• **INSTRUCTIONS TO FOLLOW**
Could you filter the records below and keep only the lines with the word "Import"?

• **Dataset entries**
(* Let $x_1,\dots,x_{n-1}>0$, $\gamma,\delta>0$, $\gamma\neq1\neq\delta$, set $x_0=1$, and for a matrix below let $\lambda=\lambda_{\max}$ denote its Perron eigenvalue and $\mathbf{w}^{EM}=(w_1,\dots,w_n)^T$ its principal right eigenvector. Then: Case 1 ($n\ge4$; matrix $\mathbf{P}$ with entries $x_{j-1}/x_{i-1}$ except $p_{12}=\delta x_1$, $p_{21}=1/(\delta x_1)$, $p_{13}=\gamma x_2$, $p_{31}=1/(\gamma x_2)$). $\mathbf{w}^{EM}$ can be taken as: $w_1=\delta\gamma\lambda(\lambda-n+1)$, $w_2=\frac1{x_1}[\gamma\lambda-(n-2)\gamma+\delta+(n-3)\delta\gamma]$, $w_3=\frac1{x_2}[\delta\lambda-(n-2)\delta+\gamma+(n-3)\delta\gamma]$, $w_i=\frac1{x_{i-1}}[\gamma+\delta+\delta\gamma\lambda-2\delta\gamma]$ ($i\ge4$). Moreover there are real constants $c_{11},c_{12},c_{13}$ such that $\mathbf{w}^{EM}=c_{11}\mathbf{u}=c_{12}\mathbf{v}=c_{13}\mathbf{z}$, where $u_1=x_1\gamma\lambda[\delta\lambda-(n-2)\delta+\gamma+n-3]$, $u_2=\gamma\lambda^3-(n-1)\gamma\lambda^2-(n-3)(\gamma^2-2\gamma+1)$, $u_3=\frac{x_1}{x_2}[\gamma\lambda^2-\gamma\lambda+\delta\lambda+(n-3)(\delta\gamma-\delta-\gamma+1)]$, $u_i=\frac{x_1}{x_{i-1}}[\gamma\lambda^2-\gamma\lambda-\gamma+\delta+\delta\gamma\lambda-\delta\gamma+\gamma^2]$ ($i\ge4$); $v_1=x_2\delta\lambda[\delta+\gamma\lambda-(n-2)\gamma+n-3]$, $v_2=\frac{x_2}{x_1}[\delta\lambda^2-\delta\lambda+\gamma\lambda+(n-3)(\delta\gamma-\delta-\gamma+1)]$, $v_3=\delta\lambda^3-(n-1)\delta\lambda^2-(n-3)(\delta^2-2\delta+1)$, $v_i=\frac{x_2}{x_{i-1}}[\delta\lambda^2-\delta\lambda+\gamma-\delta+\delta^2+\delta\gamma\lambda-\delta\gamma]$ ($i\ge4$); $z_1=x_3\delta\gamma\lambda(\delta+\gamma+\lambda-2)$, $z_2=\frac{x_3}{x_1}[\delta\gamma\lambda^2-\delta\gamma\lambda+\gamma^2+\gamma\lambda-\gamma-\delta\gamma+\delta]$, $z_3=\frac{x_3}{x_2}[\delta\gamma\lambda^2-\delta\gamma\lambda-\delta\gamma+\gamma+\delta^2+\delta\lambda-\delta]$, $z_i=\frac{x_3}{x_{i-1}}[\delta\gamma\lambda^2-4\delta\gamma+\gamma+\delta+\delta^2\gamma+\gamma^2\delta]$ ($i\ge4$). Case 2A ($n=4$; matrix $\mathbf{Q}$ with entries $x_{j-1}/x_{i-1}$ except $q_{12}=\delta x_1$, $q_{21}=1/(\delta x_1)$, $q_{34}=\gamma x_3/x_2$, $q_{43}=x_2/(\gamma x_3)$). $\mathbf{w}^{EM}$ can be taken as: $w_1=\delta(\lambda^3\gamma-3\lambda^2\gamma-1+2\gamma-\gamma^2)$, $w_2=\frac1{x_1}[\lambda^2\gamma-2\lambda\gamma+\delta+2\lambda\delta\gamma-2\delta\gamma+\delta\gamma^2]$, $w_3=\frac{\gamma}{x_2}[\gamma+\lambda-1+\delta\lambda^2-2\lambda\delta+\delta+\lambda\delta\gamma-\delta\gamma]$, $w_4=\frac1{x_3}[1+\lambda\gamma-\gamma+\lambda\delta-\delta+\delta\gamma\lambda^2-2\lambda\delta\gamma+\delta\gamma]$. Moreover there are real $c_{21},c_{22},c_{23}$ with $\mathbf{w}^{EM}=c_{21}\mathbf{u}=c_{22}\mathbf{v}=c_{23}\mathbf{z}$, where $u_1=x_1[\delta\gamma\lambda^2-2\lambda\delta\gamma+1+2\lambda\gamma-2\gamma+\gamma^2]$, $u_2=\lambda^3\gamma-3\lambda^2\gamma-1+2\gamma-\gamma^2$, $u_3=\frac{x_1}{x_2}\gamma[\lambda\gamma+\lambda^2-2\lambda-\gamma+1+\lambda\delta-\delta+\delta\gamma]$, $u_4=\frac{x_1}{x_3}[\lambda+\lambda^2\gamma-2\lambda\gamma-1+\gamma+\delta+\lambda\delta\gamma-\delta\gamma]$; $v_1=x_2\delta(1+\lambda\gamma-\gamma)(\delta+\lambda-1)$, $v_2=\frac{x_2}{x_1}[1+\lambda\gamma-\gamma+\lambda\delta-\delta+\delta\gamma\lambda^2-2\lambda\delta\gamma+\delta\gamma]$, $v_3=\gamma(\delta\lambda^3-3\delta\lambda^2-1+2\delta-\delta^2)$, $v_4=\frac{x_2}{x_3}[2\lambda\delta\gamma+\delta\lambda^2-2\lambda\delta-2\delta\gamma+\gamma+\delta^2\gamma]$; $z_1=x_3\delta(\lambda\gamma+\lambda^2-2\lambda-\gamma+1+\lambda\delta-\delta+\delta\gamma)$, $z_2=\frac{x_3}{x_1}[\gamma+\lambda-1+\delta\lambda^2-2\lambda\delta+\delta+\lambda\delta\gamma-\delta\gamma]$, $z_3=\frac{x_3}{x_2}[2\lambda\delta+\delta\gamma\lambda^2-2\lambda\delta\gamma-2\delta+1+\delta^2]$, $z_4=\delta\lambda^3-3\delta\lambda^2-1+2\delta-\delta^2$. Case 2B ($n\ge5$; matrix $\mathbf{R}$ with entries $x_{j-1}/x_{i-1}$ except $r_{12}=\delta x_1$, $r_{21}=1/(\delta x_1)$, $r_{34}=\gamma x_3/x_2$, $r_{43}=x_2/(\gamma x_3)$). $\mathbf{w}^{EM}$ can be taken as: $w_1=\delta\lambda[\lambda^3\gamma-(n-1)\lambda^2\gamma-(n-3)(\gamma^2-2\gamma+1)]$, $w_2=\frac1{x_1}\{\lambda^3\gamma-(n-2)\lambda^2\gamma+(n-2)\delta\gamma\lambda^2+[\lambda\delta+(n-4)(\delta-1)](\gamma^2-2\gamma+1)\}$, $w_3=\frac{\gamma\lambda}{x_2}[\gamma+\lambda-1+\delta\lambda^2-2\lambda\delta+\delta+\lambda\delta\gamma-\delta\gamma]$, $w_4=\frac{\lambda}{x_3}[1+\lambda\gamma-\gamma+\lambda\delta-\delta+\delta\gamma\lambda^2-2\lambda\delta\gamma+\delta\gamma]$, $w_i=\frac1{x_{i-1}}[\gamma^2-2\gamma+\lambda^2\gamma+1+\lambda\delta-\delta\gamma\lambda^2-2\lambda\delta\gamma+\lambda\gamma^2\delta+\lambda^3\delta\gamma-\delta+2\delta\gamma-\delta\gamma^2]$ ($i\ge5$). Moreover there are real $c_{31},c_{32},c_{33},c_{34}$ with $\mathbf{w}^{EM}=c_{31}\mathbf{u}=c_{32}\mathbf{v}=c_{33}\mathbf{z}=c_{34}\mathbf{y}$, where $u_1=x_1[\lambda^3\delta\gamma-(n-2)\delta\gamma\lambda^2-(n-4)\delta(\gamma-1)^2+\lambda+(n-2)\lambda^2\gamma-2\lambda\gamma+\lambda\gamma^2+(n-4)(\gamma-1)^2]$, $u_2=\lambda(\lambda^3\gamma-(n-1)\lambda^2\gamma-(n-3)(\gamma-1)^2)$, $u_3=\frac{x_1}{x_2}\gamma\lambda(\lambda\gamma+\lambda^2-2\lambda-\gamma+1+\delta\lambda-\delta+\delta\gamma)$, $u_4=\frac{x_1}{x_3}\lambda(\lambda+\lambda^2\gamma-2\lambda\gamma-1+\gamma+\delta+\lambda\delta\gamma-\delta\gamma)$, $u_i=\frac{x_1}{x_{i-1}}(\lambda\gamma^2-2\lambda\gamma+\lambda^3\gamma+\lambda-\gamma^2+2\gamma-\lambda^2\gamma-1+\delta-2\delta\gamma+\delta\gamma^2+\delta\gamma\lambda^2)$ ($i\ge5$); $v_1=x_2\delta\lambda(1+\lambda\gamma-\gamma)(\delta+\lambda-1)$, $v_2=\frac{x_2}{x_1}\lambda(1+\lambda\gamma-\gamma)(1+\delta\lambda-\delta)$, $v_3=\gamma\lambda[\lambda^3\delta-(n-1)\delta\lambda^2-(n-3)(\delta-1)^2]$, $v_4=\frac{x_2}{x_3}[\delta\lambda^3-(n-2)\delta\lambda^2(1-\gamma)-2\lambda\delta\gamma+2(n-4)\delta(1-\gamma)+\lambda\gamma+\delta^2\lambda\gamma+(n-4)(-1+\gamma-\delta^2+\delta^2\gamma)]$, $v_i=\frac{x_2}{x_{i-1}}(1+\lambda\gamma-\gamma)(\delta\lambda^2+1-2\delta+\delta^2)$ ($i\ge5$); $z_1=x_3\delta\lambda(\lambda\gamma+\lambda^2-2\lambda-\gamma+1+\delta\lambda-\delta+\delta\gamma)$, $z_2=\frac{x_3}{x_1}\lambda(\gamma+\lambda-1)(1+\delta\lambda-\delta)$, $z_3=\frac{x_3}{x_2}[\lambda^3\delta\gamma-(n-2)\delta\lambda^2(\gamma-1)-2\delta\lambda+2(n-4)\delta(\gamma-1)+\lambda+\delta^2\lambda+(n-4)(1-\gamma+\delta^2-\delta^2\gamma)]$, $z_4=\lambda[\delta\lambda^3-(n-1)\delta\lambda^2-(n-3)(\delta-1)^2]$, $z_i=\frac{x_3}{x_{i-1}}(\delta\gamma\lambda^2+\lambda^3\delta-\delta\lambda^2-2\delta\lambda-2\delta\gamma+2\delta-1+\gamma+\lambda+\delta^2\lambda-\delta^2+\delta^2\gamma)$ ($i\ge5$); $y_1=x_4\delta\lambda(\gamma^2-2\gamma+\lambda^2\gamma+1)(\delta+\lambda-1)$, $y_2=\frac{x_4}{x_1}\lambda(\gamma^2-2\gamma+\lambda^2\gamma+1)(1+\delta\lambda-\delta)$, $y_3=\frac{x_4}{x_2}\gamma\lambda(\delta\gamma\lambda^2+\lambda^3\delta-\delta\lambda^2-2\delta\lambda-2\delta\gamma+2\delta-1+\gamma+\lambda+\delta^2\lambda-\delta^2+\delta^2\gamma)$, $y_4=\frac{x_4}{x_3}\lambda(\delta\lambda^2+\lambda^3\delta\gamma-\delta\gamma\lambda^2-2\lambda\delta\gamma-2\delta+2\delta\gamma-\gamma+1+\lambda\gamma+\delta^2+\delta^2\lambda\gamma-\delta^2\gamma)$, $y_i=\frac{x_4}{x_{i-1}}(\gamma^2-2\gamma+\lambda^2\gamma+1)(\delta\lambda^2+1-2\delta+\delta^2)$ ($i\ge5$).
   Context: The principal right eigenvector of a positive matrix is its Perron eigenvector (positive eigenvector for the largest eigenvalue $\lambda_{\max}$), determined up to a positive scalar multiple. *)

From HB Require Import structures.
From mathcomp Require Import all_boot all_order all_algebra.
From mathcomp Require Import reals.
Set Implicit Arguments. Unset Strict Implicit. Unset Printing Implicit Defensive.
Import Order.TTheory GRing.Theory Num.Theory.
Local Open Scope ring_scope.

• **YOUR RESPONSE**
From HB Require Import structures.
From mathcomp Require Import all_boot all_order all_algebra.
From mathcomp Require Import reals.
Import Order.TTheory GRing.Theory Num.Theory.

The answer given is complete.